• _Information_:
.....
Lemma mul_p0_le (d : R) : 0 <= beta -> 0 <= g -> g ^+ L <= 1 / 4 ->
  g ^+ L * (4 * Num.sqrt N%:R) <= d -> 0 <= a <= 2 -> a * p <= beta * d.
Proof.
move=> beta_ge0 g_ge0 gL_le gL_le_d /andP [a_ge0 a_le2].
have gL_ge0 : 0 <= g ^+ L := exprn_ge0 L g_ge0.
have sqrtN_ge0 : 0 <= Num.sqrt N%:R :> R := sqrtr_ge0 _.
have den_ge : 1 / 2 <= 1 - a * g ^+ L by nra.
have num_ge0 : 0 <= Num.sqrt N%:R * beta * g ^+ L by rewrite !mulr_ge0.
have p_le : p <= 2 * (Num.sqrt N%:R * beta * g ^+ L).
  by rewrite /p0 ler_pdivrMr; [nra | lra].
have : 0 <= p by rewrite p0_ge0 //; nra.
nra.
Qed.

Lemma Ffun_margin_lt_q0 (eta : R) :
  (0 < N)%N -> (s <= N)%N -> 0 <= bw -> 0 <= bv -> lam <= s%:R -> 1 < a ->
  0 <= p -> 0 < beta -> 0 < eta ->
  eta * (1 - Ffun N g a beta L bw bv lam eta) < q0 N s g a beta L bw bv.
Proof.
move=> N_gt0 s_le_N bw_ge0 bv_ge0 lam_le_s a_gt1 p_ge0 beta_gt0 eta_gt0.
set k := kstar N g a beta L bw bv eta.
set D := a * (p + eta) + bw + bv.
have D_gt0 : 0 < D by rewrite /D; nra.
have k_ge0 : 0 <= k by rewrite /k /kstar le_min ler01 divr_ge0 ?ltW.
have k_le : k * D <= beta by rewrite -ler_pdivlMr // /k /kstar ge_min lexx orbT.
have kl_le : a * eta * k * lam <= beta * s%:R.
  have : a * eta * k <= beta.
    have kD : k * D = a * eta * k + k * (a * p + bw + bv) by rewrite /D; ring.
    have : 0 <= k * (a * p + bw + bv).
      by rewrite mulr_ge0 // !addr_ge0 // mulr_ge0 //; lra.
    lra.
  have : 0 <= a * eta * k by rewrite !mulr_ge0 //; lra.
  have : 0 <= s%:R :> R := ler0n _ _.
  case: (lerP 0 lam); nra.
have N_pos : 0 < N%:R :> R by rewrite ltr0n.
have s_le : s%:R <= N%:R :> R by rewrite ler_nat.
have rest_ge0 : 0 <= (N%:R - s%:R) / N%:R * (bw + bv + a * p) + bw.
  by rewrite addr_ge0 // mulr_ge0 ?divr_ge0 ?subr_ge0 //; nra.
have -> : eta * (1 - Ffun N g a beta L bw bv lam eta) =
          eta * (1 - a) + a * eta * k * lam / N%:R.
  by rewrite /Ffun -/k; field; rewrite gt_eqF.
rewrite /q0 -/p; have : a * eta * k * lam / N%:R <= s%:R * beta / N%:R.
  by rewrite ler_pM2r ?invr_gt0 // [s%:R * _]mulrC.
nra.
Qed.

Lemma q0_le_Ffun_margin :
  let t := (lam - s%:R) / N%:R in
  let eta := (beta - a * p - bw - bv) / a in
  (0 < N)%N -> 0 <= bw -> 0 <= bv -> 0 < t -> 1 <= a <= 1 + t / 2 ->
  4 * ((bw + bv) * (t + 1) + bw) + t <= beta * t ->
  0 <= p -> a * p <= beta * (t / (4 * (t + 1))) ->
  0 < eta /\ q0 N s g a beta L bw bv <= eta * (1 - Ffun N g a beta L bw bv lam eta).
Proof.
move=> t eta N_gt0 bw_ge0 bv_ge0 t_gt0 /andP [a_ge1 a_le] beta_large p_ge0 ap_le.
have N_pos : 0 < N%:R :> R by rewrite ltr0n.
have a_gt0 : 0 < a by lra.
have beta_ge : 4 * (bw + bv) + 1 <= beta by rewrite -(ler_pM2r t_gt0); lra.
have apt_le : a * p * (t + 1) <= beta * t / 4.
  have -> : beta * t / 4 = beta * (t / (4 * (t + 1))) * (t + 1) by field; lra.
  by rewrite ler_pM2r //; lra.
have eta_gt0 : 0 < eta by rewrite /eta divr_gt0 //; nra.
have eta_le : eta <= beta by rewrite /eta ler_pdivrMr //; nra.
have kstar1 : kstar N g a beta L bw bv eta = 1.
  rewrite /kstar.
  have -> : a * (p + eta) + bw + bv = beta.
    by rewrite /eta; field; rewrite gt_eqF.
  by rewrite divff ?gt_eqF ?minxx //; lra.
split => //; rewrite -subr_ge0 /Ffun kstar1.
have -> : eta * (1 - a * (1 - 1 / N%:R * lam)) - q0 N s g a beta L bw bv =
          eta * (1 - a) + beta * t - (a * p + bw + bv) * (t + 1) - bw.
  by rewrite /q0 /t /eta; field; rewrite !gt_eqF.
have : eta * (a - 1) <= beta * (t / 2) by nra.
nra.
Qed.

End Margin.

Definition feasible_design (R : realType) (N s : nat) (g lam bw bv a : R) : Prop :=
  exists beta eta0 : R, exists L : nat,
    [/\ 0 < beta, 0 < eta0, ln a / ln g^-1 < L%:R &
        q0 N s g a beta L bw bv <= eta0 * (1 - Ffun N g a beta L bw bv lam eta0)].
.....
• _Aim of the task_: Copy out all lines above holding "field".

• _Problem solution_:
  by rewrite /Ffun -/k; field; rewrite gt_eqF.
  have -> : beta * t / 4 = beta * (t / (4 * (t + 1))) * (t + 1) by field; lra.
    by rewrite /eta; field; rewrite gt_eqF.
  by rewrite /q0 /t /eta; field; rewrite !gt_eqF.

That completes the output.